## LISTED RECORDS
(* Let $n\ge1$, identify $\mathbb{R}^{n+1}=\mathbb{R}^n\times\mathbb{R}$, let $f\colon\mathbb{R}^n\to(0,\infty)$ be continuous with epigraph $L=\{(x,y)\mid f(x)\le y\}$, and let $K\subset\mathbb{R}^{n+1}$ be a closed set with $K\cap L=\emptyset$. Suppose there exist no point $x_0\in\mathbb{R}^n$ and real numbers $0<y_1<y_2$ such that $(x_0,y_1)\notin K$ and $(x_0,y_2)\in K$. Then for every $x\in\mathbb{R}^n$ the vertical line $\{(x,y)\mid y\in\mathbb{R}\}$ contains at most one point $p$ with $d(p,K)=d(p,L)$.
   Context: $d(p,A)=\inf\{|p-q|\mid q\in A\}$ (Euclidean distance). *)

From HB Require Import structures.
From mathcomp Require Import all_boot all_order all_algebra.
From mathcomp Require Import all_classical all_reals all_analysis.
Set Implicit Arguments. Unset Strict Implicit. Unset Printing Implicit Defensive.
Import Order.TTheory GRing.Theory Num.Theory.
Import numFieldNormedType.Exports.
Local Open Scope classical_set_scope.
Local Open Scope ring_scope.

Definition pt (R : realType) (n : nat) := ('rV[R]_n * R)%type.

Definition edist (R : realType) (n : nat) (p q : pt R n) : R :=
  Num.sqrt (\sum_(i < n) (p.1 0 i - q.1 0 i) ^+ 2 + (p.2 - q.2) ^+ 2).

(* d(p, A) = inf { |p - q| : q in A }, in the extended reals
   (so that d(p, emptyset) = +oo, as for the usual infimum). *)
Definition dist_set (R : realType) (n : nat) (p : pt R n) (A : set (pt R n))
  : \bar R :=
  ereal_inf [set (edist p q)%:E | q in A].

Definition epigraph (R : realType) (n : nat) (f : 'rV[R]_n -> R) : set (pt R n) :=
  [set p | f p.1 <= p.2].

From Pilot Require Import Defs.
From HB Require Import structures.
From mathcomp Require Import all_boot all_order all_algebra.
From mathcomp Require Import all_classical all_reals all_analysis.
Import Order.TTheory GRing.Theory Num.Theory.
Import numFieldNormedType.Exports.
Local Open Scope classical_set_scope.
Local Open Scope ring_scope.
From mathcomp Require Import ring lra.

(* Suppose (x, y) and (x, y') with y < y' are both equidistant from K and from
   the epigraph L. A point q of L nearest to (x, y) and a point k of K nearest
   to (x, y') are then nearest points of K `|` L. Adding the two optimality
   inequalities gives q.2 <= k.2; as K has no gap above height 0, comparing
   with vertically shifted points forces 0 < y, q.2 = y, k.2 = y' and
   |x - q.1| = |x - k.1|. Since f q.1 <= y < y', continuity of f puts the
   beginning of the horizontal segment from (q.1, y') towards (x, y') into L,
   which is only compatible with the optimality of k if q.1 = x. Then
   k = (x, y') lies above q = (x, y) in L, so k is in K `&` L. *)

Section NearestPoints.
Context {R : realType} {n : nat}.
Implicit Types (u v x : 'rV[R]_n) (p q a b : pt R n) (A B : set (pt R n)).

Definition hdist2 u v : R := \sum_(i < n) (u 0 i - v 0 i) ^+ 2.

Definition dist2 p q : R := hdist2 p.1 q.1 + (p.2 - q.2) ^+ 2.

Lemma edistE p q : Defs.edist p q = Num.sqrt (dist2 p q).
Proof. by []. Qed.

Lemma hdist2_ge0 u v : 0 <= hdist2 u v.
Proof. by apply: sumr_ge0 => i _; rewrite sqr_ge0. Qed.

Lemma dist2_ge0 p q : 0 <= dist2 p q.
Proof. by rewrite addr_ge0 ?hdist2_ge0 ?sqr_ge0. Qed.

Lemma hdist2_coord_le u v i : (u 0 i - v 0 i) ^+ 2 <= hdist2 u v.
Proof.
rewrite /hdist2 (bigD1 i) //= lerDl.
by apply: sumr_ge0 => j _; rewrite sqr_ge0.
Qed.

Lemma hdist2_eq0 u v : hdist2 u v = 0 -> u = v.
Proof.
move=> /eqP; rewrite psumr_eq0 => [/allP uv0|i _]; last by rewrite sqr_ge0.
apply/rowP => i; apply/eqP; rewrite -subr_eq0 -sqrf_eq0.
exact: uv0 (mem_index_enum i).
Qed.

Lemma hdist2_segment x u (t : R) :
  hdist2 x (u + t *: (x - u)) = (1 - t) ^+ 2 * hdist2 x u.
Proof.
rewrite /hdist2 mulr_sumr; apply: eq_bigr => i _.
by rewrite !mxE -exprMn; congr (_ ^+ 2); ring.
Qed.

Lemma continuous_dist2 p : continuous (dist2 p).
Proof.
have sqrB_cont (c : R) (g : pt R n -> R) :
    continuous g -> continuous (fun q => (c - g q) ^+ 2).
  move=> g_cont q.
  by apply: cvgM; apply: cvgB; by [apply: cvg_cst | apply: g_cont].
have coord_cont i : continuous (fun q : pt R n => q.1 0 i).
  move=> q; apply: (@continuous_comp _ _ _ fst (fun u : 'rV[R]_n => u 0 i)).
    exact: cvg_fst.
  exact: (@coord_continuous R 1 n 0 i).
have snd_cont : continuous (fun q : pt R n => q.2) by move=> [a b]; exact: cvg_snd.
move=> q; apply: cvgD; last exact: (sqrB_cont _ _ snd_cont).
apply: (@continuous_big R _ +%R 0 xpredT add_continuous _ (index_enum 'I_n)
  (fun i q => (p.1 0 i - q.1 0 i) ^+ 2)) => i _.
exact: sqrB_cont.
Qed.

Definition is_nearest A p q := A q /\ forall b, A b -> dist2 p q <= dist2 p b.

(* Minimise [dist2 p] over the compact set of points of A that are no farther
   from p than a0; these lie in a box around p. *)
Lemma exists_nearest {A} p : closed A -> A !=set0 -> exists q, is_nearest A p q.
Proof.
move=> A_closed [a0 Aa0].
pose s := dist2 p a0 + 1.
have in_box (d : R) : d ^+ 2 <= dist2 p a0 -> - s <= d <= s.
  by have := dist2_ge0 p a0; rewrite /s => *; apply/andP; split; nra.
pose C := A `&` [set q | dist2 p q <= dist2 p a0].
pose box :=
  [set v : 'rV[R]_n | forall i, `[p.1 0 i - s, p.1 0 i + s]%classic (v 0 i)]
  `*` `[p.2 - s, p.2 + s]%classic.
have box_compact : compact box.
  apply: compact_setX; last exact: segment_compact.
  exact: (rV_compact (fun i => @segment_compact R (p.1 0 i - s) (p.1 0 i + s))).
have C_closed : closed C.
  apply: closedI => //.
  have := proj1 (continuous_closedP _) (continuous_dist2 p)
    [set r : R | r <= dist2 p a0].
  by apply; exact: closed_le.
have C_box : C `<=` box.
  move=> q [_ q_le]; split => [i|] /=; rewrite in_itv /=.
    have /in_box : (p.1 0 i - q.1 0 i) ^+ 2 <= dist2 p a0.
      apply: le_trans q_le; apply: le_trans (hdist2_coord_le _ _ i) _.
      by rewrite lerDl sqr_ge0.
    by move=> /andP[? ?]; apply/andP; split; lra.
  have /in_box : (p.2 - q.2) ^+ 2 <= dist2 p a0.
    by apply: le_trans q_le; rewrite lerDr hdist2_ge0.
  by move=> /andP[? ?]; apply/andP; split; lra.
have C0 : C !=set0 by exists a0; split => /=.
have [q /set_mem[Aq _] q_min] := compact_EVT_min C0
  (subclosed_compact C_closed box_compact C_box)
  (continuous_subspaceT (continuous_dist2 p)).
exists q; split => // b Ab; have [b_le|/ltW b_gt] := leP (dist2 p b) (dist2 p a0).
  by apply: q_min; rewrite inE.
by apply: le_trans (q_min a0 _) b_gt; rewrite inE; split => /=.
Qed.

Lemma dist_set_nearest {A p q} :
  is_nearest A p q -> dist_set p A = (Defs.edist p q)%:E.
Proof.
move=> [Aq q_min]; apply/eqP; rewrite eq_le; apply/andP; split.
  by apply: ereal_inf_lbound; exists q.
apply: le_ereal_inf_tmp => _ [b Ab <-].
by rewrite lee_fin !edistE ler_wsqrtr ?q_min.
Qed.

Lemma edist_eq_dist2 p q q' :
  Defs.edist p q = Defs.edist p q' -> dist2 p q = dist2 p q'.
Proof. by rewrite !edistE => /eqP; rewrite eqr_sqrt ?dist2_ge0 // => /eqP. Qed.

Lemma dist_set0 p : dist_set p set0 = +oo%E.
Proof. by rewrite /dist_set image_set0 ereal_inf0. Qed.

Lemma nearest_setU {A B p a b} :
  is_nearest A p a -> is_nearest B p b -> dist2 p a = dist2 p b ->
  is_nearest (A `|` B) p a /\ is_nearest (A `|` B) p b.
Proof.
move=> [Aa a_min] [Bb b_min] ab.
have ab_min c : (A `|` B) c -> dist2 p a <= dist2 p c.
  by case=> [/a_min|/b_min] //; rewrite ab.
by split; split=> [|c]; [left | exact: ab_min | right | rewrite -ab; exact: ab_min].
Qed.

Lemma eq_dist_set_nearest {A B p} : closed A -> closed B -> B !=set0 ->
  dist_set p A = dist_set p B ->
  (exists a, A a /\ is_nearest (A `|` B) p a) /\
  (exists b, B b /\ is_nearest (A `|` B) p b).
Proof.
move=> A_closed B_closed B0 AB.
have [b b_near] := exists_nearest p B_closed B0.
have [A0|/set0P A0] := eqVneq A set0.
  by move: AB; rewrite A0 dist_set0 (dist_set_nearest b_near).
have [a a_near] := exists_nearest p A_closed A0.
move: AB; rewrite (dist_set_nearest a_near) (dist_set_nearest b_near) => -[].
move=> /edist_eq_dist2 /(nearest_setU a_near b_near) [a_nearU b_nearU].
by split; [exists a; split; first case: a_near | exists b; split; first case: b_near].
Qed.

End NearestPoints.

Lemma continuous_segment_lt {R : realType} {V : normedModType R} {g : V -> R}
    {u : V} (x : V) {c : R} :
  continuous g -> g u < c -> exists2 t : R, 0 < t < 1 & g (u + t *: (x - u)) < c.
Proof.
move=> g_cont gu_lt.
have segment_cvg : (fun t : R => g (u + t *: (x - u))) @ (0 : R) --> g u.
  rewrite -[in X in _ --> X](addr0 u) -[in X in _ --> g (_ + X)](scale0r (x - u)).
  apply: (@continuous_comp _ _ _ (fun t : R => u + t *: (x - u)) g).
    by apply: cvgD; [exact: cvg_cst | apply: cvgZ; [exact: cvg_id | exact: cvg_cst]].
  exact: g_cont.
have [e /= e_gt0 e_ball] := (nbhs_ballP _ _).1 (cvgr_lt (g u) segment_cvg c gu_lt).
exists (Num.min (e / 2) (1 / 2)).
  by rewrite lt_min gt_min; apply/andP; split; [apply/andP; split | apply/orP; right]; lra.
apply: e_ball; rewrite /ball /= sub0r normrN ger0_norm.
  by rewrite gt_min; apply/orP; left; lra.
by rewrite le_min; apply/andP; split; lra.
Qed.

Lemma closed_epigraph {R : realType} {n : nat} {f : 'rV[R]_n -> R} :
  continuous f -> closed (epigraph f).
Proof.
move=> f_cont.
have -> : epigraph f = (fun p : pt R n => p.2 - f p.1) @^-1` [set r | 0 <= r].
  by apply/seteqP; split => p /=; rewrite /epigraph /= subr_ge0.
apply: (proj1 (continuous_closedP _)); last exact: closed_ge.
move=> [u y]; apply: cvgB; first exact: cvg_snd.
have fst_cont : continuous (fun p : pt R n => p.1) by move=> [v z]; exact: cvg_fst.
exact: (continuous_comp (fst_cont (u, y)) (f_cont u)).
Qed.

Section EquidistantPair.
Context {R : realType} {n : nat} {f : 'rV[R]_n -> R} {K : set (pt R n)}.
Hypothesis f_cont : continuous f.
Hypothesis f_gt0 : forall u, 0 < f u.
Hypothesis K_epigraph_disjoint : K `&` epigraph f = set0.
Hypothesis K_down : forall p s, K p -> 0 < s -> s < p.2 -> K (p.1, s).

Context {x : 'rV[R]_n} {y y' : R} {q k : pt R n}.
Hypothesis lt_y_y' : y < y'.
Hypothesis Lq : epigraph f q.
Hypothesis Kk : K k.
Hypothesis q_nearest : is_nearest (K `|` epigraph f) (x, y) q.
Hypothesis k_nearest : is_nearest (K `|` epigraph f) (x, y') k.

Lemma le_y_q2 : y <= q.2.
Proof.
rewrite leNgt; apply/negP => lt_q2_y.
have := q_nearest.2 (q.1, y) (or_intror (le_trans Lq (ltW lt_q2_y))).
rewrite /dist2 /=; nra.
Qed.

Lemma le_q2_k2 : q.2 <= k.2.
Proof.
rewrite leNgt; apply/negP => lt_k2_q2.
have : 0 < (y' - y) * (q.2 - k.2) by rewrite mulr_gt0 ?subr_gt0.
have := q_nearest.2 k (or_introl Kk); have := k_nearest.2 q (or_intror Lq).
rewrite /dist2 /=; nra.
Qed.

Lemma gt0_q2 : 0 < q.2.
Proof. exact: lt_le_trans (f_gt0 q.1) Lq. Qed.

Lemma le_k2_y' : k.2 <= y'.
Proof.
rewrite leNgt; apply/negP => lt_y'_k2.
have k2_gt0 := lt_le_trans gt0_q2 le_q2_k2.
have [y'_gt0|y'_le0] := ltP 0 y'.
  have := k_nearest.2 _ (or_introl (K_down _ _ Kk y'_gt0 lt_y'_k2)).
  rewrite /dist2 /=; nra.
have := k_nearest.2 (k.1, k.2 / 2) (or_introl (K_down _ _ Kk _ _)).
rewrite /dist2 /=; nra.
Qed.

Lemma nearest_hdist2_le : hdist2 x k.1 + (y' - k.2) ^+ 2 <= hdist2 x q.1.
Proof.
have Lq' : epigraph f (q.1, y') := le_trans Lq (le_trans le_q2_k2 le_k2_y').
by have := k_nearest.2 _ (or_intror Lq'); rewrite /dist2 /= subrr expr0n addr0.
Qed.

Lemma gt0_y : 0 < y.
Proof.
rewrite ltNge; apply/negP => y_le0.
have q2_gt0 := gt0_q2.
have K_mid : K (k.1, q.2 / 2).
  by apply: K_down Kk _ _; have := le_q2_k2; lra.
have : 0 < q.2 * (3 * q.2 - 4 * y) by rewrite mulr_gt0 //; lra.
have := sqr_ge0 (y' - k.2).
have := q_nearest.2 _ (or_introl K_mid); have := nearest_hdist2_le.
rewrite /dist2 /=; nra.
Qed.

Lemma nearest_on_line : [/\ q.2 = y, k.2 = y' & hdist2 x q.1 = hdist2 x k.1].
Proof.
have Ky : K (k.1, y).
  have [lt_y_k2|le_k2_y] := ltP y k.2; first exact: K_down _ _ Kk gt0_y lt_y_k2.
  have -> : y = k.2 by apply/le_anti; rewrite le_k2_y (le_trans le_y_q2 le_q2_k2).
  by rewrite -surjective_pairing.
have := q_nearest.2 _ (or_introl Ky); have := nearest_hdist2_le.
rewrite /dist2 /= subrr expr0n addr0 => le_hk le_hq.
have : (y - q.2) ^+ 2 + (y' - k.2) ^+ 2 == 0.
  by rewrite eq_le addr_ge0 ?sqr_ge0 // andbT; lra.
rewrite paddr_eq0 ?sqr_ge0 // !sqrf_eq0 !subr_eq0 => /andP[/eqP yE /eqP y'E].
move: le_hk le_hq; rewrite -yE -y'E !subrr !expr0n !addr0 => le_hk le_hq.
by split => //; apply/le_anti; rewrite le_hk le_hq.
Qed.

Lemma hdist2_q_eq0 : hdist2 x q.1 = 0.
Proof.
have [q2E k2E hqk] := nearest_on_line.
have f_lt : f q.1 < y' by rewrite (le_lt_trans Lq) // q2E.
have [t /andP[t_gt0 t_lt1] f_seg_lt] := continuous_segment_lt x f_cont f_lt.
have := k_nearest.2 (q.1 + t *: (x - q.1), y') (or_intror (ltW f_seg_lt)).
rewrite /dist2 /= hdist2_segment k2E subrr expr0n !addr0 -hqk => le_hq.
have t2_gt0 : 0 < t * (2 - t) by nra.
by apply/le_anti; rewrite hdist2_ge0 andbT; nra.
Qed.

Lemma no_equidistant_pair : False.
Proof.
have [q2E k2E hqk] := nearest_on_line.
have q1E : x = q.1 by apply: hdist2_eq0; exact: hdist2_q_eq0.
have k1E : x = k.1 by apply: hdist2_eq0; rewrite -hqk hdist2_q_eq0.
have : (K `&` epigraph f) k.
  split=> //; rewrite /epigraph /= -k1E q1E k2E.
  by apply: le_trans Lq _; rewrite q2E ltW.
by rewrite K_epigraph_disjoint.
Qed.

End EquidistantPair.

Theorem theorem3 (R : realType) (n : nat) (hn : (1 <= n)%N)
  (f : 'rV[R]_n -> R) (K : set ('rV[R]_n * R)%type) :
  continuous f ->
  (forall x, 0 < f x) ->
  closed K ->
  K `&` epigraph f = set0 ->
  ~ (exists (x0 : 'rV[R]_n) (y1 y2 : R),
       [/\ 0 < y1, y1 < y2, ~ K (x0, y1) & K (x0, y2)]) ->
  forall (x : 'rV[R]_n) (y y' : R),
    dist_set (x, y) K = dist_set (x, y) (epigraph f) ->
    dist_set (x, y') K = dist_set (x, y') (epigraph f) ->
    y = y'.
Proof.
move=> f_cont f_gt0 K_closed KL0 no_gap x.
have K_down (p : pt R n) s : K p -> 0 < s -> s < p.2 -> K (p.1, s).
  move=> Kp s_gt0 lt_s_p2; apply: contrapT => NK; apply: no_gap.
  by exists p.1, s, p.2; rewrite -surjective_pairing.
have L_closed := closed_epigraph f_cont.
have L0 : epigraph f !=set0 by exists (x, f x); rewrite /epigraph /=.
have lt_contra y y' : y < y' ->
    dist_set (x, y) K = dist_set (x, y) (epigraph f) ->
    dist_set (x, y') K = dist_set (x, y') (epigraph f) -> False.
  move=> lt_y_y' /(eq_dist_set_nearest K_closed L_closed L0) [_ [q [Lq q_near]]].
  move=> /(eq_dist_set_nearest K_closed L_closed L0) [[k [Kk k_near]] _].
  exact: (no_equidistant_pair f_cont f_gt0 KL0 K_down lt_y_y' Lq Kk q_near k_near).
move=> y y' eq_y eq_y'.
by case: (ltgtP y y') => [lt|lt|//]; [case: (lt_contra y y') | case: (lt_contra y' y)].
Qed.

## TASK ITEM
The reply should consist solely of the lines above from the one that has "have box_compact : compact box." through the one that has "have := proj1", reproduced exactly.

## TASK SOLUTION
have box_compact : compact box.
  apply: compact_setX; last exact: segment_compact.
  exact: (rV_compact (fun i => @segment_compact R (p.1 0 i - s) (p.1 0 i + s))).
have C_closed : closed C.
  apply: closedI => //.
  have := proj1 (continuous_closedP _) (continuous_dist2 p)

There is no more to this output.